## [Task prompt]
Only the lines from the start of the material through the line containing "- rewrite !plus_IZR, !mult_IZR, <- Hrel;" are to be extracted, exactly as they appear.
################
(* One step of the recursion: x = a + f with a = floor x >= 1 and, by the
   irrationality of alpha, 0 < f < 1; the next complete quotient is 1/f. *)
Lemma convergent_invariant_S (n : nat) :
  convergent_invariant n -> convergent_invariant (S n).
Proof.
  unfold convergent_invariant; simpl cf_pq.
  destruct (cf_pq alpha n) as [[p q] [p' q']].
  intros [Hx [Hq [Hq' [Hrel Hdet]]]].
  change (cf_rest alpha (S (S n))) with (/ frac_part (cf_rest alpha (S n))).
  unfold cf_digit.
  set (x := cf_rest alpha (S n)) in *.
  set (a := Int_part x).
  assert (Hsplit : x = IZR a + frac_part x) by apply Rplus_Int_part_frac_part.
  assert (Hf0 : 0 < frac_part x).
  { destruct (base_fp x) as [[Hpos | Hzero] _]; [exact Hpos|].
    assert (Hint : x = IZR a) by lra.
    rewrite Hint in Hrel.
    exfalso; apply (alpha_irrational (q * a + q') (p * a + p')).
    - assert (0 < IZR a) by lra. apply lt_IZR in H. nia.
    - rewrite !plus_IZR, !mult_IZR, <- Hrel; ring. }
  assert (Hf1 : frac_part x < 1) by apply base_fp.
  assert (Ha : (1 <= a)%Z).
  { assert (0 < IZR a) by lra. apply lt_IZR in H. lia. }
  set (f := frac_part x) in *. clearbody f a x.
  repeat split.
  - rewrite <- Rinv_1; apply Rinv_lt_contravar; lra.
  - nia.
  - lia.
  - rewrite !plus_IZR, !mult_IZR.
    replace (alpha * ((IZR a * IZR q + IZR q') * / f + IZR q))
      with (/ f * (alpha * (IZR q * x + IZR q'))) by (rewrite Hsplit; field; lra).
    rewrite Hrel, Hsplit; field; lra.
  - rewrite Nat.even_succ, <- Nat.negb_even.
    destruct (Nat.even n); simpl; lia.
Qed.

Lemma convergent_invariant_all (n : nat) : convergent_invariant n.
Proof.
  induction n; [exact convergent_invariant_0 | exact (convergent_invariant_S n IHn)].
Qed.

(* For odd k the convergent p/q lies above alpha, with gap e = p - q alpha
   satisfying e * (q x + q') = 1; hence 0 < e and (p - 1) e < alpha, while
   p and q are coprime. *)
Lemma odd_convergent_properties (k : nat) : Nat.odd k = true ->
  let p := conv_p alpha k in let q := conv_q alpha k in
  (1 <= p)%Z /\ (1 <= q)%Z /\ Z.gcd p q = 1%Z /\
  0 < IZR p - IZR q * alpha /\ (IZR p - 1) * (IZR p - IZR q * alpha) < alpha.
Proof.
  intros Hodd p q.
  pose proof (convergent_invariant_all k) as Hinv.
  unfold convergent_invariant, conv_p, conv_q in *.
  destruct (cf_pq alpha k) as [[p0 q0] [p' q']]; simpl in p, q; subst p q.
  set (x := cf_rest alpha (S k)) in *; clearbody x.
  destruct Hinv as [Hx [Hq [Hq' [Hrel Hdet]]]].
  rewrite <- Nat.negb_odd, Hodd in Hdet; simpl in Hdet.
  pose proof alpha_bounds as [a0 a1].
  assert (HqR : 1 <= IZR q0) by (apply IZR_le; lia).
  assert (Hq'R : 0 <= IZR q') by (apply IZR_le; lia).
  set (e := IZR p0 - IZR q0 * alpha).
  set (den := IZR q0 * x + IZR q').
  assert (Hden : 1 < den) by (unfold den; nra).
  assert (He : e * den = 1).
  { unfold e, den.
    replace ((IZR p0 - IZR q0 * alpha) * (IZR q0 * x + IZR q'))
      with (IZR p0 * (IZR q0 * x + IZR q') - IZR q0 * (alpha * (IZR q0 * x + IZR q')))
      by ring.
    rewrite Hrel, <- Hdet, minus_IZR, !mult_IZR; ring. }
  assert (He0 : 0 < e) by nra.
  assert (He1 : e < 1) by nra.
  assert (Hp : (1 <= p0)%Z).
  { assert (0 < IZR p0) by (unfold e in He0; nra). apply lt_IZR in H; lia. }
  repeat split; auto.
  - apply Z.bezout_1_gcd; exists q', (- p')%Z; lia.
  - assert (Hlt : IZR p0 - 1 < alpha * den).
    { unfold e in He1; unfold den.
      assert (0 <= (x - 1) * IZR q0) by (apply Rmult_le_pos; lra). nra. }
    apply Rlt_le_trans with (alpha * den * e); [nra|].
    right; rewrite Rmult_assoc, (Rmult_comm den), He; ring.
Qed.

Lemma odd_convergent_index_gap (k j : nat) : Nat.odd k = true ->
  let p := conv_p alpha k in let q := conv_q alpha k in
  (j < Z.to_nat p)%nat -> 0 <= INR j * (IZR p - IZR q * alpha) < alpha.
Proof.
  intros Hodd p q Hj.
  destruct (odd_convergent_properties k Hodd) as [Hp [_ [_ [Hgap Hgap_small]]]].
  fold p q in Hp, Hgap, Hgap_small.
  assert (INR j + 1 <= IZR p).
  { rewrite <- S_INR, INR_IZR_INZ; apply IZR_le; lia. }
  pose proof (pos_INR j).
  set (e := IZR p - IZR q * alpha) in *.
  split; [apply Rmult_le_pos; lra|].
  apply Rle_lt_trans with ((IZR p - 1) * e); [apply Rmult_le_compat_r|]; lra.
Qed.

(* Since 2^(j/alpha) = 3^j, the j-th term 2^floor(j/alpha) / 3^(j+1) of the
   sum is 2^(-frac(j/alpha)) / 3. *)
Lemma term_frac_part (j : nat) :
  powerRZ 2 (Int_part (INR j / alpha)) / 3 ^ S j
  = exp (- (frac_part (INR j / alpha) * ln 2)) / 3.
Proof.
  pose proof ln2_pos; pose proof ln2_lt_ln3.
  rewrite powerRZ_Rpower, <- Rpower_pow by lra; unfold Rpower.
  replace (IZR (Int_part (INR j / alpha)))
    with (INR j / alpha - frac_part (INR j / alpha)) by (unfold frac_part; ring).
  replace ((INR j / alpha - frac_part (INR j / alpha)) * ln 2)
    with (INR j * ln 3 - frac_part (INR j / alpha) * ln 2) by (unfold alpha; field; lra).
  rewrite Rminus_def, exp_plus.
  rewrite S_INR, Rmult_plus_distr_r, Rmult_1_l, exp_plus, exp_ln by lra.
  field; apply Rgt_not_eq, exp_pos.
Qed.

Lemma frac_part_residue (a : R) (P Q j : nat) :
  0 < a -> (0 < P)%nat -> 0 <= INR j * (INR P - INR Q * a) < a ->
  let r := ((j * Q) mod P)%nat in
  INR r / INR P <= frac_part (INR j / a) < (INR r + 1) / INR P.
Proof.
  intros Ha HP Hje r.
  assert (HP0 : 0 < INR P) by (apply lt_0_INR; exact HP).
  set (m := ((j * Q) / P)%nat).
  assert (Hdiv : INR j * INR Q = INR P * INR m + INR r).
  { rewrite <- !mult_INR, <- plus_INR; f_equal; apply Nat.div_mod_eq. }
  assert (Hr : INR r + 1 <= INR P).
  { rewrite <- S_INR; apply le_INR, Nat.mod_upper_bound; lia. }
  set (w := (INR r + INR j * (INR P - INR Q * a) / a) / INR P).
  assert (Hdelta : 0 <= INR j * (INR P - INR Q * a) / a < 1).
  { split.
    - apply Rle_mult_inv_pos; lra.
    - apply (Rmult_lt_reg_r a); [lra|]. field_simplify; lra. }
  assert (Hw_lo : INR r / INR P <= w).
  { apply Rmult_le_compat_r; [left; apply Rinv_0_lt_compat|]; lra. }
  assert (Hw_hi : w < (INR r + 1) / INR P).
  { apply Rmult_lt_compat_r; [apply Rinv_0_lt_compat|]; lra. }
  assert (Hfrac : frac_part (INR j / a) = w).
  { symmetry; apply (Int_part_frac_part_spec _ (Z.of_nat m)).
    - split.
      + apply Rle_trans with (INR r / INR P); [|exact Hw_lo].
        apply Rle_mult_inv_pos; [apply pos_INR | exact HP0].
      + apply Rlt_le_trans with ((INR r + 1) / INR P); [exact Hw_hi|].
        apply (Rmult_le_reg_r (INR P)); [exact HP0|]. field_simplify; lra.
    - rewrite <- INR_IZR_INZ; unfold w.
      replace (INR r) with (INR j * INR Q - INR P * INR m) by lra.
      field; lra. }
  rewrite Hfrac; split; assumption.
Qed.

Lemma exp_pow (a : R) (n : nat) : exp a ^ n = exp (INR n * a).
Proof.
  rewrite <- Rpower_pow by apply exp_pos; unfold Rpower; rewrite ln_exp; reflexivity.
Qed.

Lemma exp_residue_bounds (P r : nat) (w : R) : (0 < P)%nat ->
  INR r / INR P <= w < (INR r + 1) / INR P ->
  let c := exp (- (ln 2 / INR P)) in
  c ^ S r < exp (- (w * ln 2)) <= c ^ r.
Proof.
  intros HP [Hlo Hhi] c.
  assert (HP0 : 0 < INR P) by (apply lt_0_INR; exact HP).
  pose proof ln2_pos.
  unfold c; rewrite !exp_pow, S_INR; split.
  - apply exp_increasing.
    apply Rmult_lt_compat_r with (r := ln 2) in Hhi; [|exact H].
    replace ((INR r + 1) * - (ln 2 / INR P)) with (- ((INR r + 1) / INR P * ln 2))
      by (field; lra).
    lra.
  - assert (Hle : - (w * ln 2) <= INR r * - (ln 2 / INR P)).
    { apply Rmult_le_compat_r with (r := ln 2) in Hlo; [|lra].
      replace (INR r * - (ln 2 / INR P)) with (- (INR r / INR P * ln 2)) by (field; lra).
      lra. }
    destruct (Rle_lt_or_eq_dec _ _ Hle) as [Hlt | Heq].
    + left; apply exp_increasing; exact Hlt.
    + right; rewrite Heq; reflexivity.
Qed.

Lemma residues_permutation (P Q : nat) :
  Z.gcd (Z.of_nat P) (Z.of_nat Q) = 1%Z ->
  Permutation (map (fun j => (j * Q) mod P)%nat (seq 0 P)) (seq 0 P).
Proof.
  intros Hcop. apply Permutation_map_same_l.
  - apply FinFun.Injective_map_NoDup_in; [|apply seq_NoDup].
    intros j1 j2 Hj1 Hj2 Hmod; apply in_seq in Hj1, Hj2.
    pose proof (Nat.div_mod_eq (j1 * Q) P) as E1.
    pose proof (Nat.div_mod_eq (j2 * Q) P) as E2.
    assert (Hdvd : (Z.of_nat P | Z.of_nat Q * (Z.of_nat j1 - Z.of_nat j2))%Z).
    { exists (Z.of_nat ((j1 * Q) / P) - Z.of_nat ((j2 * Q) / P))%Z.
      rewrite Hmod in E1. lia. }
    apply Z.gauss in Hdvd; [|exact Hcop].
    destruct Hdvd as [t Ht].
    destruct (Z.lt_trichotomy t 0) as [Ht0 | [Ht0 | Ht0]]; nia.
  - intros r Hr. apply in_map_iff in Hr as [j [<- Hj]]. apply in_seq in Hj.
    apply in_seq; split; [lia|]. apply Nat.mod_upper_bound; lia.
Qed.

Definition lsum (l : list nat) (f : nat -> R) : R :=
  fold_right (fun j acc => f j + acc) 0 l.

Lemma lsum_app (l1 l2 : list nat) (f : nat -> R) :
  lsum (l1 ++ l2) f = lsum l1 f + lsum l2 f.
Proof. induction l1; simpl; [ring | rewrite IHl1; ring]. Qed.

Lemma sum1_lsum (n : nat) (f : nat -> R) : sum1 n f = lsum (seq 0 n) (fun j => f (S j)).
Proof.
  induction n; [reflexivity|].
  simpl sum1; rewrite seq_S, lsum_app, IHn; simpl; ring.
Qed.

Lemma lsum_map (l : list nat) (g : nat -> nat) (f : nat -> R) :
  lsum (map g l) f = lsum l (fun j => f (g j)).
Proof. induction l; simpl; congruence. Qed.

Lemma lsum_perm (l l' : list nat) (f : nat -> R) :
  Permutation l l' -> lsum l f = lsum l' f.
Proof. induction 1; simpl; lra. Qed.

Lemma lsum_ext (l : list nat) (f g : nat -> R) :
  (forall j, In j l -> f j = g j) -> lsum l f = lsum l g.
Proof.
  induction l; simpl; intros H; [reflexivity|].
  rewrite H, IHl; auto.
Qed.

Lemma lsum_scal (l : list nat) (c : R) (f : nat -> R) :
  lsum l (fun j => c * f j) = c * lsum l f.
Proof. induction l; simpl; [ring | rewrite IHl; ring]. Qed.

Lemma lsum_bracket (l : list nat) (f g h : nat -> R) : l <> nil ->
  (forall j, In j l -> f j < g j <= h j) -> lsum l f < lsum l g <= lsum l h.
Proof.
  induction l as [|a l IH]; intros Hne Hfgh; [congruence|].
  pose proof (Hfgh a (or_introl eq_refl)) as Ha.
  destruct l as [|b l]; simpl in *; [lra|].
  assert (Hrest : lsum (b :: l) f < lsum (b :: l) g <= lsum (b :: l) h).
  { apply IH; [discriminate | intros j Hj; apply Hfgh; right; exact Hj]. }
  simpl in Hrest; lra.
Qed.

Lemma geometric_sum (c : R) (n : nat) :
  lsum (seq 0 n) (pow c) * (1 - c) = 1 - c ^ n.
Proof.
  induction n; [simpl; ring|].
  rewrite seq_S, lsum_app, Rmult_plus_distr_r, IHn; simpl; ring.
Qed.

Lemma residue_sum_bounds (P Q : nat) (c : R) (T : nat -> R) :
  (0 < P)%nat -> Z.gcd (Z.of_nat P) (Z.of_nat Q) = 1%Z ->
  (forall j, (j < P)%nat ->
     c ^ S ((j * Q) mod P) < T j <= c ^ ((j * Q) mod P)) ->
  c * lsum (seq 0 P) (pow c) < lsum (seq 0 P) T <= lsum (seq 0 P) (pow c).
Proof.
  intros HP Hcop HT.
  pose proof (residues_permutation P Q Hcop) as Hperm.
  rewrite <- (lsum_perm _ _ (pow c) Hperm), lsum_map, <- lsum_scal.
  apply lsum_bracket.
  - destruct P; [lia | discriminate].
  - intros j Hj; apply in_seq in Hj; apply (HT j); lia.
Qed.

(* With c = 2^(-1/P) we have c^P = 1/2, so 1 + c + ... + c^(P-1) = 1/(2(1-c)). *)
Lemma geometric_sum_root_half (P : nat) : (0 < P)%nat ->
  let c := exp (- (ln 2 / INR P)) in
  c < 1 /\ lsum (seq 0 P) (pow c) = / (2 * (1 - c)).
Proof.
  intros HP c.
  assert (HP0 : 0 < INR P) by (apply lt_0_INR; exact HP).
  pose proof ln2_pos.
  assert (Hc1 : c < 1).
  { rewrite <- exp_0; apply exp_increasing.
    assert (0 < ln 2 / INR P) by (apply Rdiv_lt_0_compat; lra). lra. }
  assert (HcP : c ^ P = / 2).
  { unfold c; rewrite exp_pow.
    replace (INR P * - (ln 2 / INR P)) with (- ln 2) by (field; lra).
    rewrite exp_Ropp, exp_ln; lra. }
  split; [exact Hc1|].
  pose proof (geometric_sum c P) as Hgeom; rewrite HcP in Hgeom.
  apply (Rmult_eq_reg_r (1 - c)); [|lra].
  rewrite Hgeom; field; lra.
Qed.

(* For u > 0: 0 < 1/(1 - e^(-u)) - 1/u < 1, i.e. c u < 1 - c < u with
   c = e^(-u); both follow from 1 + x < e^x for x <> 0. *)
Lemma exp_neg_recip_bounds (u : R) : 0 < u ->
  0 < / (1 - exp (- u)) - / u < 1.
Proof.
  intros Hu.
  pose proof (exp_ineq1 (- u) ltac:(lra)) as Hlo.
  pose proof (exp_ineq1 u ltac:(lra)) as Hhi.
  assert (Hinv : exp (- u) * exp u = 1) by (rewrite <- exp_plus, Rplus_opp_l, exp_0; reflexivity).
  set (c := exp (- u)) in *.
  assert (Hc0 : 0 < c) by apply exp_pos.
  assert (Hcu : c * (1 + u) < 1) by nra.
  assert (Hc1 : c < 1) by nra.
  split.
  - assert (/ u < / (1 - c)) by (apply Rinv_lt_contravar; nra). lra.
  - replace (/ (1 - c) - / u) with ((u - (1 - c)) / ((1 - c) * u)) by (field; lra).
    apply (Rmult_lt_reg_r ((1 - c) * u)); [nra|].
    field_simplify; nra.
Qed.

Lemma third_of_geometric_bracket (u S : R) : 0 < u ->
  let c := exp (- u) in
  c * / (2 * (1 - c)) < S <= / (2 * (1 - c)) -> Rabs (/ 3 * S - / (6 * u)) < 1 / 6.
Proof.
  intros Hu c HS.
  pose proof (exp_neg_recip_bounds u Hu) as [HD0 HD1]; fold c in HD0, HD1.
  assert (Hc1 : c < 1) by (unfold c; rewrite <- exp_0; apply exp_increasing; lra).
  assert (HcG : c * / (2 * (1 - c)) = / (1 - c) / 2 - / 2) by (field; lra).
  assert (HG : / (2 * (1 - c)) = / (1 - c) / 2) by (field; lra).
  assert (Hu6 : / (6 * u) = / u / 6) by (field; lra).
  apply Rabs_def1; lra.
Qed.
################
## [Your response]
(* One step of the recursion: x = a + f with a = floor x >= 1 and, by the
   irrationality of alpha, 0 < f < 1; the next complete quotient is 1/f. *)
Lemma convergent_invariant_S (n : nat) :
  convergent_invariant n -> convergent_invariant (S n).
Proof.
  unfold convergent_invariant; simpl cf_pq.
  destruct (cf_pq alpha n) as [[p q] [p' q']].
  intros [Hx [Hq [Hq' [Hrel Hdet]]]].
  change (cf_rest alpha (S (S n))) with (/ frac_part (cf_rest alpha (S n))).
  unfold cf_digit.
  set (x := cf_rest alpha (S n)) in *.
  set (a := Int_part x).
  assert (Hsplit : x = IZR a + frac_part x) by apply Rplus_Int_part_frac_part.
  assert (Hf0 : 0 < frac_part x).
  { destruct (base_fp x) as [[Hpos | Hzero] _]; [exact Hpos|].
    assert (Hint : x = IZR a) by lra.
    rewrite Hint in Hrel.
    exfalso; apply (alpha_irrational (q * a + q') (p * a + p')).
    - assert (0 < IZR a) by lra. apply lt_IZR in H. nia.
    - rewrite !plus_IZR, !mult_IZR, <- Hrel; ring. }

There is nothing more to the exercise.